After accounting for all purchases of Common Stock of the Reporting Persons since the filing of Amendment No. 9 (the period of December 16, 2016 through December 30, 2016), a net 178,512 shares of Common Stock were purchased by Carl H. Westcott during such period on his own behalf and on behalf of certain other Reporting Persons for an aggregate price of approximately $1,749,110.
Item 5. Interest in Securities of the Issuer.
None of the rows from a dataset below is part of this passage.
Lemma sep_at_leaf_neq v a b : sep v (phi a) (phi b) -> a != b.
Proof. by move/sep_at_neq; apply: contraNneq => ->. Qed.

Lemma sep3_extend v a b c s : sep3 v a b c -> s != v ->
  exists b' c', [/\ b' \in [:: a; b; c], c' \in [:: a; b; c] & sep3 v s b' c'].
Proof.
move=> abc sv; case: (abc) => hab hac hbc.
have sep_from t u : sep v t u -> comp v t s -> sep v s u.
  by move=> tu ts; apply: sep_at_comp tu ts sv.
case/or3P: (sep3_comp (deg_le3 v) abc sv); rewrite comp_sym => hs.
- by exists b, c; rewrite !inE !eqxx ?orbT; split=> //; split=> //; apply: sep_from hs.
- exists a, c; rewrite !inE !eqxx ?orbT; split=> //.
  by split=> //; apply: sep_from hs; rewrite // sep_atC.
- exists a, b; rewrite !inE !eqxx ?orbT; split=> //.
  by split=> //; apply: sep_from hs; rewrite sep_atC.
Qed.

Lemma seq3_sub (Y : {set X}) a b c : a \in Y -> b \in Y -> c \in Y -> {subset [:: a; b; c] <= Y}.
Proof. by move=> aY bY cY z; rewrite !inE => /or3P[]/eqP ->. Qed.

Lemma isolatingVcomp (Y : {set X}) q p : phi q != p -> p \notin codom phi ->
  isolating Y q p \/ exists w, [/\ w \in Y, w != q & comp p (phi q) (phi w)].
Proof.
move=> qp p_int.
case: (boolP [forall w in Y, (w != q) ==> sep p (phi q) (phi w)]) => [/forallP iso|].
  by left => w wY wq; have := iso w; rewrite wY wq.
rewrite negb_forall => /existsP [w]; rewrite negb_imply negb_imply => /and3P[wY wq nsep].
right; exists w; split=> //; apply/negPn; apply: contra nsep => nc.
by rewrite /sep_at qp nc andbT; apply: contraNneq p_int => <-; apply: codom_f.
Qed.

(* As [p] has degree three, [phi q] lies in the component of a corner, so it is
   that corner. *)
Lemma isolating_sep3_mem (Y : {set X}) q p a b c : isolating Y q p ->
  a \in Y -> b \in Y -> c \in Y -> sep3 p (phi a) (phi b) (phi c) -> q \in [:: a; b; c].
Proof.
move=> iso aY bY cY abc; apply/negPn/negP; rewrite !inE !negb_or => /and3P[qa qb qc].
have far w : w \in Y -> q != w -> ~~ comp p (phi q) (phi w).
  by move=> wY; rewrite eq_sym => /(iso w wY) /and3P[].
have qp : phi q != p by apply: sep_at_neql (iso a aY _); rewrite eq_sym.
case/or3P: (sep3_comp (deg_le3 p) abc qp) => h.
- by move: (far a aY qa); rewrite h.
- by move: (far b bY qb); rewrite h.
- by move: (far c cY qc); rewrite h.
Qed.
This Item is being amended and supplemented to add the following:
(b) The responses in rows 7, 8, 9 and 10 of the cover pages of this Statement are hereby incorporated by reference. Each of Court H. Westcott and Carla Westcott directly holds 10,000 and 19,500 shares of Common Stock, respectively, over which Carl H. Westcott shares dispositive power, but not voting power, pursuant to trading authorizations. Additionally, Carl H. Westcott shares dispositive power, but not voting power, pursuant to trading authorizations, of 11,250, 2,050, and 1,000 shares of Common Stock held by Peter Underwood, Francisco Trejo, Jr., and Rosie Greene, respectively. Commodore Partners holds 334,950 shares of Common Stock, over which Carl H. Westcott holds shared voting and dispositive power with Court H. Westcott as the managers of Carl Westcott, LLC, the sole general partner of Commodore Partners. GK Westcott holds 20,000 shares of Common Stock, over which Carl H. Westcott holds shared voting and dispositive power with Court H. Westcott as the managers of Carl Westcott, LLC, the sole general partner of GK Westcott.